### Directions for this task
Please repeat the lines below exactly. Begin with the line containing "destruct (Hv x Hx) as [[s [Hs Hs_opt]] _]." and go on through the line containing "pose proof (HD x".
** Data section follows **
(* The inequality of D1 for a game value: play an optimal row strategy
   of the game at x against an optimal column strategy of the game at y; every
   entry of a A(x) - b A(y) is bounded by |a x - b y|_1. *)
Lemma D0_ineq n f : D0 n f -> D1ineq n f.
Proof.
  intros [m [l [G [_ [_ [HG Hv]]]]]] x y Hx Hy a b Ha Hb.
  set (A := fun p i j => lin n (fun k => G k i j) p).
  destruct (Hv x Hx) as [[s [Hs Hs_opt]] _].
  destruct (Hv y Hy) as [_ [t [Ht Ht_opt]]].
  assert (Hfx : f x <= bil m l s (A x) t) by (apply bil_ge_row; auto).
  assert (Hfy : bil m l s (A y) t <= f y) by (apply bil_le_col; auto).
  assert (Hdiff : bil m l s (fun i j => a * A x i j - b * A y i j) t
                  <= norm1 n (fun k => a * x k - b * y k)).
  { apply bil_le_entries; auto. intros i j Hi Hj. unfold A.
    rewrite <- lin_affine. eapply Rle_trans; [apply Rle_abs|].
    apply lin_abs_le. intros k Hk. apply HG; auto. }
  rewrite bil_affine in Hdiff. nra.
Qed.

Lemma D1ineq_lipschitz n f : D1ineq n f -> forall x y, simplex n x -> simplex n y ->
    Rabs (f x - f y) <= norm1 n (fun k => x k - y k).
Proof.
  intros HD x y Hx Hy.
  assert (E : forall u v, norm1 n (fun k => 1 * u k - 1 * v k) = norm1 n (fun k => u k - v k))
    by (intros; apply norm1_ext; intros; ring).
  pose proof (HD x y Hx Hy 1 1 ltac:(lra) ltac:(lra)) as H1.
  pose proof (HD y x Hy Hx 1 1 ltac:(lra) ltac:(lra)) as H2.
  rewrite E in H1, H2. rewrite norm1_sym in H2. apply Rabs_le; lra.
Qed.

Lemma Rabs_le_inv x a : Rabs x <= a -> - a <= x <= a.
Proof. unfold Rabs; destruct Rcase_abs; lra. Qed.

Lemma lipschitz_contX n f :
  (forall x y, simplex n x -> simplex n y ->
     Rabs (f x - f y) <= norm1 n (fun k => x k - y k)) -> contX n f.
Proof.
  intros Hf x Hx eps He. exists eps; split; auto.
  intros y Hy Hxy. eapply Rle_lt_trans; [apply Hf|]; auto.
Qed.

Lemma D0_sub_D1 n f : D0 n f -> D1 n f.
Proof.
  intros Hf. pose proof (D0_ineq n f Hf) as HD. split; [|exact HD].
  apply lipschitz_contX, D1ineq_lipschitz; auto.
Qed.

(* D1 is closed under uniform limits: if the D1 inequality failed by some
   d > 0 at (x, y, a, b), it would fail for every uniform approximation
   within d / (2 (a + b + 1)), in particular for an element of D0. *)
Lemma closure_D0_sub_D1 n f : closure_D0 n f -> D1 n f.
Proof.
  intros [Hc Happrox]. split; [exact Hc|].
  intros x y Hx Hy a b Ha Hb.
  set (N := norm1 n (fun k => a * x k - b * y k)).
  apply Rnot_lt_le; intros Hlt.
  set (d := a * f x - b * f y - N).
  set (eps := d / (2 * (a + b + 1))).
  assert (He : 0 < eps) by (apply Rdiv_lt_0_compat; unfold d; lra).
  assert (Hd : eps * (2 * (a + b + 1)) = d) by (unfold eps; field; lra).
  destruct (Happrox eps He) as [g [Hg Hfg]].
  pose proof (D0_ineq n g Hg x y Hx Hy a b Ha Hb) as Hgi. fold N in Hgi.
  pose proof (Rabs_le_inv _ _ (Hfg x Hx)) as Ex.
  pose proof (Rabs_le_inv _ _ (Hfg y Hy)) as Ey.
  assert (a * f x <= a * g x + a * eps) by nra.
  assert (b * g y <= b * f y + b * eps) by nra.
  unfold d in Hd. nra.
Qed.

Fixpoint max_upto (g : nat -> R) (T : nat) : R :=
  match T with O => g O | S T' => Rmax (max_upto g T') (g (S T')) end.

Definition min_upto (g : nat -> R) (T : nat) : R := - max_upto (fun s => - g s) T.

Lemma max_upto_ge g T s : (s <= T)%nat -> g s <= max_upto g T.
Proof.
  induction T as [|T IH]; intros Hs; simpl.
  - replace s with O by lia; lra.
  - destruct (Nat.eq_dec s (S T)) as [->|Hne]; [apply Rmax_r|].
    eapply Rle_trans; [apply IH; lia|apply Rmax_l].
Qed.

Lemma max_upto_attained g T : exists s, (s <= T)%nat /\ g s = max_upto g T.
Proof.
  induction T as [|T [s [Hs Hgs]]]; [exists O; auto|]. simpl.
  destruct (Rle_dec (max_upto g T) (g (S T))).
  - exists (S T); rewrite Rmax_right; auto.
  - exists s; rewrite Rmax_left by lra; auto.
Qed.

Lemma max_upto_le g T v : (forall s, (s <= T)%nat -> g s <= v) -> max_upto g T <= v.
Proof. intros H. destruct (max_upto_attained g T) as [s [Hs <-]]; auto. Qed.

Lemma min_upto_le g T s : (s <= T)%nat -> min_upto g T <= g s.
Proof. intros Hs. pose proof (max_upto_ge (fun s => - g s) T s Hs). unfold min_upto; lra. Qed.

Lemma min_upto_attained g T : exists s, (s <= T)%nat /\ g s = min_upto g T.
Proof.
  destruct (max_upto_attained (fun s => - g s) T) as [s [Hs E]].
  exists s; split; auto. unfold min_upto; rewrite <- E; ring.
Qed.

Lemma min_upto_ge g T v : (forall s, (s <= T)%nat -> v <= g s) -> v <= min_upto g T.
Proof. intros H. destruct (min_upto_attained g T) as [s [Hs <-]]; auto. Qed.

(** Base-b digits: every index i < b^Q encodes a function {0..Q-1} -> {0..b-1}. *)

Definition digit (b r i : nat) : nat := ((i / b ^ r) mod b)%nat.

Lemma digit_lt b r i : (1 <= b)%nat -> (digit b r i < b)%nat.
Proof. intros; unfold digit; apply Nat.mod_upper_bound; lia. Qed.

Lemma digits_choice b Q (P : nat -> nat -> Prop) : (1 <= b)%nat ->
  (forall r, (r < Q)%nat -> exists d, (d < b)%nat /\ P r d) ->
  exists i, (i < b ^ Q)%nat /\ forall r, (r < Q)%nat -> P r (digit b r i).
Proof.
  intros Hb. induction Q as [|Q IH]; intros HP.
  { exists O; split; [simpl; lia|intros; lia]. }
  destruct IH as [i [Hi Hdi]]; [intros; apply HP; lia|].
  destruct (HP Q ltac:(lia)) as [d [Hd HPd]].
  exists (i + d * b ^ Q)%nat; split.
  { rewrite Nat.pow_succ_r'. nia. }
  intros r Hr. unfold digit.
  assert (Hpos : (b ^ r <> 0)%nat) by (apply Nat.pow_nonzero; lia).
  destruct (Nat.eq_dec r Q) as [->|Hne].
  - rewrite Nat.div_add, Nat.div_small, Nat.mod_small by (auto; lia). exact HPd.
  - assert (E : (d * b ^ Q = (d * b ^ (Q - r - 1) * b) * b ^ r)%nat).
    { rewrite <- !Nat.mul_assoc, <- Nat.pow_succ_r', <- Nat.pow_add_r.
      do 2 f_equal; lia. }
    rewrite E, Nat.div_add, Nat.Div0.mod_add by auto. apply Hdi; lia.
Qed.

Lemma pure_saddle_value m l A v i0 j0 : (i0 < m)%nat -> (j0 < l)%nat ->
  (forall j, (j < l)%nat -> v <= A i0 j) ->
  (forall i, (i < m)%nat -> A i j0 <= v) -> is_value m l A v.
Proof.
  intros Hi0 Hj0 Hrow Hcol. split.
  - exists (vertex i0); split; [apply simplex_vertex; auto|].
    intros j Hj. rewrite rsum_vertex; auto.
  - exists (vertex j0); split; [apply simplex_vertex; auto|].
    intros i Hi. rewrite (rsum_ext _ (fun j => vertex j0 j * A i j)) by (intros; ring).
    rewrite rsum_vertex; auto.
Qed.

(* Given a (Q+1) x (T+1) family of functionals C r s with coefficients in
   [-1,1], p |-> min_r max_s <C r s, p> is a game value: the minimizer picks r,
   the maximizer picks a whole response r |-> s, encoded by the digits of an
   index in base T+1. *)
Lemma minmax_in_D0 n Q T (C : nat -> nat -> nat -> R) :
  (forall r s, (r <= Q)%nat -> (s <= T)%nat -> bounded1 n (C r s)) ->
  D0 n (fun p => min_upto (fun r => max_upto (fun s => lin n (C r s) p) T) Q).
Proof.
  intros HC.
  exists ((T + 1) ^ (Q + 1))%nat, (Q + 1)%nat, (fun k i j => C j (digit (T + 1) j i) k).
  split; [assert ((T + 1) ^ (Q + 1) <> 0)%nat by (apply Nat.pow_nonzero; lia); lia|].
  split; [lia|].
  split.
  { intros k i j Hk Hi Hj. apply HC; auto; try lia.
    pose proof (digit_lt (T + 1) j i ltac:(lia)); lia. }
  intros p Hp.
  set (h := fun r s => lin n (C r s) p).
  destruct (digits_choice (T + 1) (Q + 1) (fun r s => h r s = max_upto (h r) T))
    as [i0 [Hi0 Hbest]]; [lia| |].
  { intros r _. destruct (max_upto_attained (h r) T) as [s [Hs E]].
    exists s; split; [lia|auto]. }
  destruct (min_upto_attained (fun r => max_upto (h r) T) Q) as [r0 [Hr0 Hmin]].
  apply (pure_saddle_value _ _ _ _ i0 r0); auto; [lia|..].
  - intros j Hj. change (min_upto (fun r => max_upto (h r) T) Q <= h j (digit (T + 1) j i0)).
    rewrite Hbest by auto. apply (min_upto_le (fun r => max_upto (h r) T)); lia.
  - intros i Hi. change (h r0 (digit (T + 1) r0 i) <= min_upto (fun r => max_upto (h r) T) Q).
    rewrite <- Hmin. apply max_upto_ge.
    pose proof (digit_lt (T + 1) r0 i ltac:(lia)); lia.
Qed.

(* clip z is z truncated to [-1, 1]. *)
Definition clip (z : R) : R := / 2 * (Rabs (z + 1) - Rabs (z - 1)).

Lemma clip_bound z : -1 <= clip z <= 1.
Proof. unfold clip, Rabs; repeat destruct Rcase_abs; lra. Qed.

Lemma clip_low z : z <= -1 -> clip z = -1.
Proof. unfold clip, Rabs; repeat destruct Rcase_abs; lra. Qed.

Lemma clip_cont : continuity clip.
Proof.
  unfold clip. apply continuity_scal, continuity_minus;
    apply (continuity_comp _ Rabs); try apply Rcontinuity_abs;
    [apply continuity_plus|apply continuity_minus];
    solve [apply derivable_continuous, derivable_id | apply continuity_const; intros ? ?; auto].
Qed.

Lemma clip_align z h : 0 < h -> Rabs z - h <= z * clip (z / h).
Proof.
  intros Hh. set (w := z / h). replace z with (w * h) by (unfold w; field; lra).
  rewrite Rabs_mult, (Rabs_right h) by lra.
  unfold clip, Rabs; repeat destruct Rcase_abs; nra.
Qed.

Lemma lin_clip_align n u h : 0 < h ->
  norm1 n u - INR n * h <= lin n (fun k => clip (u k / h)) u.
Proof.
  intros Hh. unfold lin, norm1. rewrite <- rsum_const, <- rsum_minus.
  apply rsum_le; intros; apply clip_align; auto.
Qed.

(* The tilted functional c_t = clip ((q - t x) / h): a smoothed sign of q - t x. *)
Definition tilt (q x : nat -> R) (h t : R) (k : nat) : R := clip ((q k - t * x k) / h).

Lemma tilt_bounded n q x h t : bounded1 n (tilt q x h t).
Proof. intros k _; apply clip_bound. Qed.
** End of Data section **
### Problem solution
  destruct (Hv x Hx) as [[s [Hs Hs_opt]] _].
  destruct (Hv y Hy) as [_ [t [Ht Ht_opt]]].
  assert (Hfx : f x <= bil m l s (A x) t) by (apply bil_ge_row; auto).
  assert (Hfy : bil m l s (A y) t <= f y) by (apply bil_le_col; auto).
  assert (Hdiff : bil m l s (fun i j => a * A x i j - b * A y i j) t
                  <= norm1 n (fun k => a * x k - b * y k)).
  { apply bil_le_entries; auto. intros i j Hi Hj. unfold A.
    rewrite <- lin_affine. eapply Rle_trans; [apply Rle_abs|].
    apply lin_abs_le. intros k Hk. apply HG; auto. }
  rewrite bil_affine in Hdiff. nra.
Qed.

Lemma D1ineq_lipschitz n f : D1ineq n f -> forall x y, simplex n x -> simplex n y ->
    Rabs (f x - f y) <= norm1 n (fun k => x k - y k).
Proof.
  intros HD x y Hx Hy.
  assert (E : forall u v, norm1 n (fun k => 1 * u k - 1 * v k) = norm1 n (fun k => u k - v k))
    by (intros; apply norm1_ext; intros; ring).
  pose proof (HD x y Hx Hy 1 1 ltac:(lra) ltac:(lra)) as H1.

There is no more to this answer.